Repeat only part of the entries. Start at the line that has "- mx2 a b c" and keep going through the last line, exactly as given.

*** SOURCE DATA Section Begins ***

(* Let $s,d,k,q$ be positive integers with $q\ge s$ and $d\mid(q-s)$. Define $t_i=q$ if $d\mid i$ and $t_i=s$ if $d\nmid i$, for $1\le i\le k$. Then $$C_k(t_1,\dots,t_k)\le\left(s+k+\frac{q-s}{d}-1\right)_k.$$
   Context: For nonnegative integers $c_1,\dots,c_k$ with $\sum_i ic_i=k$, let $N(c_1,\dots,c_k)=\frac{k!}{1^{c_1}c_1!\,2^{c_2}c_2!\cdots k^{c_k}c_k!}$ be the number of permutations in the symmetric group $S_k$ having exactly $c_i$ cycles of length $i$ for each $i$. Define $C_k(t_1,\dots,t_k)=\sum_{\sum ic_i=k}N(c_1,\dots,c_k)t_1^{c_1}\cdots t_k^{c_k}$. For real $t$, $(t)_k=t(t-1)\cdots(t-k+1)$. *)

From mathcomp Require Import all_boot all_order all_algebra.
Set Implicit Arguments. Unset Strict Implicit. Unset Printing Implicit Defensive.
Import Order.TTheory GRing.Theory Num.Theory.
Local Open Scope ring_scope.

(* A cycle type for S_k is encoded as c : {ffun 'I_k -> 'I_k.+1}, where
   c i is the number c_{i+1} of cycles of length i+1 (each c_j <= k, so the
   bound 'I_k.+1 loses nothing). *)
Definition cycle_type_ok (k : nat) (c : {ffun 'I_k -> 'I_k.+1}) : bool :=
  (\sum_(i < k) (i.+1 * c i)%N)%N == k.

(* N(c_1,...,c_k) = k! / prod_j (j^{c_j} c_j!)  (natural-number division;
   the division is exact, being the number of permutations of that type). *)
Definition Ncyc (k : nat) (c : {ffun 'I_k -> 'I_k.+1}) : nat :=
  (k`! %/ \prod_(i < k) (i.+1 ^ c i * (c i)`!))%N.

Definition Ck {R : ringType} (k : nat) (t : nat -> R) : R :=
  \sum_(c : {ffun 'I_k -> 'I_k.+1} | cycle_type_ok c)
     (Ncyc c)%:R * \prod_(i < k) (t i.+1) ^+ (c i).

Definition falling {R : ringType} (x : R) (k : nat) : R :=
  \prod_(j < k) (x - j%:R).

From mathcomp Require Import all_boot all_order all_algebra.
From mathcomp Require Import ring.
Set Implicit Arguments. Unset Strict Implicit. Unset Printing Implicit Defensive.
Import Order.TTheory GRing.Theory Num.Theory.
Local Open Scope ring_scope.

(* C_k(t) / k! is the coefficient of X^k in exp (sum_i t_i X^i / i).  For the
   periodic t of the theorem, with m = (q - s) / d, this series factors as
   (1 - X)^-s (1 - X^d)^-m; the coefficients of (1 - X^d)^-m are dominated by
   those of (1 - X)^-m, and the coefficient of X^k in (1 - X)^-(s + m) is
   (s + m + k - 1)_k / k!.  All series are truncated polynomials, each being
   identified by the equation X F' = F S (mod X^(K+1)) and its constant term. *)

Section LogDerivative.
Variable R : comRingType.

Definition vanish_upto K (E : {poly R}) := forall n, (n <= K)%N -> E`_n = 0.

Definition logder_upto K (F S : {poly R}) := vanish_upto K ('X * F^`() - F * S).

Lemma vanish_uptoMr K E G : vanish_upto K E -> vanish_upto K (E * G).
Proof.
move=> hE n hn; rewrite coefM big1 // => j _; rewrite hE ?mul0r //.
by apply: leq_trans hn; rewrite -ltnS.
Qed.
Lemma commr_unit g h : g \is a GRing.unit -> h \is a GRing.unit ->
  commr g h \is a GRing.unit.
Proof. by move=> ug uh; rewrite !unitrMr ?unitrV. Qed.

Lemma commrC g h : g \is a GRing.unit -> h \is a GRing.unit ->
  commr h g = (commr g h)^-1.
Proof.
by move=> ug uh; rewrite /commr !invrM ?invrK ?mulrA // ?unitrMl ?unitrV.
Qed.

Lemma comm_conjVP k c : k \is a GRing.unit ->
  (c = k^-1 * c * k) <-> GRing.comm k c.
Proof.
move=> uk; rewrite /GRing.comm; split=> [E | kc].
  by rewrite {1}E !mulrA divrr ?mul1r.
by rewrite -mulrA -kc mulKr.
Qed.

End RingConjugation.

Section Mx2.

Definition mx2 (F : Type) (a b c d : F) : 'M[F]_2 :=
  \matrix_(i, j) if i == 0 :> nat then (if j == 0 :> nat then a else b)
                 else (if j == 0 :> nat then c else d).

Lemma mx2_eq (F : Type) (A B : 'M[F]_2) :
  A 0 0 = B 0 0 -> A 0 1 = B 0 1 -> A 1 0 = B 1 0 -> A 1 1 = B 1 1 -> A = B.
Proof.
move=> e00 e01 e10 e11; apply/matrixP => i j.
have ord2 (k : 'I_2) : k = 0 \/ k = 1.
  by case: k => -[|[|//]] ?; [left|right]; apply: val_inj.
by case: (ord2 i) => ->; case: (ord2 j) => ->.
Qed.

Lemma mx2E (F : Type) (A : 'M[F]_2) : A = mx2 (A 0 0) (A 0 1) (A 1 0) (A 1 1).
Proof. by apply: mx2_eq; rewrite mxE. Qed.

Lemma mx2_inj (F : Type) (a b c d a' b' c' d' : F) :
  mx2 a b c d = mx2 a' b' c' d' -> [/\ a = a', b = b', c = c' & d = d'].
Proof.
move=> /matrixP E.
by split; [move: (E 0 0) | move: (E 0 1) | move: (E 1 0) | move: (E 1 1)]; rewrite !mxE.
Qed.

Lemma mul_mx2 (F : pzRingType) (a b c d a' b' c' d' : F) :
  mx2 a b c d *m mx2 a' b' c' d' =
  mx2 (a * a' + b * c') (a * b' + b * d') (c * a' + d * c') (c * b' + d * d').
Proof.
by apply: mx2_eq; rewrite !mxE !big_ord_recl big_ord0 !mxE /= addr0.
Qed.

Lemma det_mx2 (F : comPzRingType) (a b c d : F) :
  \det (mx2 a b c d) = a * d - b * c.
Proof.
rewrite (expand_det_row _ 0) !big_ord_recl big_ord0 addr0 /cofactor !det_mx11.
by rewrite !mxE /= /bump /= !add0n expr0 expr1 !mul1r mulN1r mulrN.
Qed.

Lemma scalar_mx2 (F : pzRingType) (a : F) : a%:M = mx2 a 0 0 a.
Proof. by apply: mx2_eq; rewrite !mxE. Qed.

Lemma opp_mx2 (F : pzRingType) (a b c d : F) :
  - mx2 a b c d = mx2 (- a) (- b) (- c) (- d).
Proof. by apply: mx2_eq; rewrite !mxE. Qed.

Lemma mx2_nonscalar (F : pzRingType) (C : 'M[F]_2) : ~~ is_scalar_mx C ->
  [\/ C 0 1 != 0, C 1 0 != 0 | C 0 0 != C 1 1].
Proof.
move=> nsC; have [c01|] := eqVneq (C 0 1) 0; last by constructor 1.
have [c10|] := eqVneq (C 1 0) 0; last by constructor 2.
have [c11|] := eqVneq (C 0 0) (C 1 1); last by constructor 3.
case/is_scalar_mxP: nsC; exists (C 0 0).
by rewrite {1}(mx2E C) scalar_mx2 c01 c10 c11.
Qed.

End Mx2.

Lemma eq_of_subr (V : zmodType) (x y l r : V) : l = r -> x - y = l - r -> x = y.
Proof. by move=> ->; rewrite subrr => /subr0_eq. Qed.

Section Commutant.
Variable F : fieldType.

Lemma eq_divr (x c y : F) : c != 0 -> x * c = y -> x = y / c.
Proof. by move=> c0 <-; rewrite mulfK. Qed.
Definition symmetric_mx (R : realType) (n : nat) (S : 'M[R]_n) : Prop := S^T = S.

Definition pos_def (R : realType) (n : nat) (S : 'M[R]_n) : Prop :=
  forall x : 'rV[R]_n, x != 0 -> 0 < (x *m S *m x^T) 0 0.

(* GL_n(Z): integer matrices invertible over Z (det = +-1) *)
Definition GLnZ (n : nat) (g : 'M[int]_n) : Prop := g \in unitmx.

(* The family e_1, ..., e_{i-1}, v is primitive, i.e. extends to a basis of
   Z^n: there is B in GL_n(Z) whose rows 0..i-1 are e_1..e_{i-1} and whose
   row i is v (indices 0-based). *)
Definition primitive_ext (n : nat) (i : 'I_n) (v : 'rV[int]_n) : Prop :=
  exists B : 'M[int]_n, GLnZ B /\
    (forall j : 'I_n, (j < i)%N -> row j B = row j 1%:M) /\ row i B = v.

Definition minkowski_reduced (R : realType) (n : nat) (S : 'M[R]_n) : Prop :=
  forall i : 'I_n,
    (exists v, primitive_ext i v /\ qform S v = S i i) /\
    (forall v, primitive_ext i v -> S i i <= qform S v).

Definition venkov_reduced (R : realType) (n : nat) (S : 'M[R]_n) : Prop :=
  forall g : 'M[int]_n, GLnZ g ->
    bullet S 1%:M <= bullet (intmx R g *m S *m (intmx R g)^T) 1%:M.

*** SOURCE DATA Section Ends ***

→ OUTPUT OF THE TASK
  - mx2 a b c d = mx2 (- a) (- b) (- c) (- d).
Proof. by apply: mx2_eq; rewrite !mxE. Qed.

Lemma mx2_nonscalar (F : pzRingType) (C : 'M[F]_2) : ~~ is_scalar_mx C ->
  [\/ C 0 1 != 0, C 1 0 != 0 | C 0 0 != C 1 1].
Proof.
move=> nsC; have [c01|] := eqVneq (C 0 1) 0; last by constructor 1.
have [c10|] := eqVneq (C 1 0) 0; last by constructor 2.
have [c11|] := eqVneq (C 0 0) (C 1 1); last by constructor 3.
case/is_scalar_mxP: nsC; exists (C 0 0).
by rewrite {1}(mx2E C) scalar_mx2 c01 c10 c11.
Qed.

End Mx2.

Lemma eq_of_subr (V : zmodType) (x y l r : V) : l = r -> x - y = l - r -> x = y.
Proof. by move=> ->; rewrite subrr => /subr0_eq. Qed.

Section Commutant.
Variable F : fieldType.

Lemma eq_divr (x c y : F) : c != 0 -> x * c = y -> x = y / c.
Proof. by move=> c0 <-; rewrite mulfK. Qed.
Definition symmetric_mx (R : realType) (n : nat) (S : 'M[R]_n) : Prop := S^T = S.

Definition pos_def (R : realType) (n : nat) (S : 'M[R]_n) : Prop :=
  forall x : 'rV[R]_n, x != 0 -> 0 < (x *m S *m x^T) 0 0.

(* GL_n(Z): integer matrices invertible over Z (det = +-1) *)
Definition GLnZ (n : nat) (g : 'M[int]_n) : Prop := g \in unitmx.

(* The family e_1, ..., e_{i-1}, v is primitive, i.e. extends to a basis of
   Z^n: there is B in GL_n(Z) whose rows 0..i-1 are e_1..e_{i-1} and whose
   row i is v (indices 0-based). *)
Definition primitive_ext (n : nat) (i : 'I_n) (v : 'rV[int]_n) : Prop :=
  exists B : 'M[int]_n, GLnZ B /\
    (forall j : 'I_n, (j < i)%N -> row j B = row j 1%:M) /\ row i B = v.

Definition minkowski_reduced (R : realType) (n : nat) (S : 'M[R]_n) : Prop :=
  forall i : 'I_n,
    (exists v, primitive_ext i v /\ qform S v = S i i) /\
    (forall v, primitive_ext i v -> S i i <= qform S v).

Definition venkov_reduced (R : realType) (n : nat) (S : 'M[R]_n) : Prop :=
  forall g : 'M[int]_n, GLnZ g ->
    bullet S 1%:M <= bullet (intmx R g *m S *m (intmx R g)^T) 1%:M.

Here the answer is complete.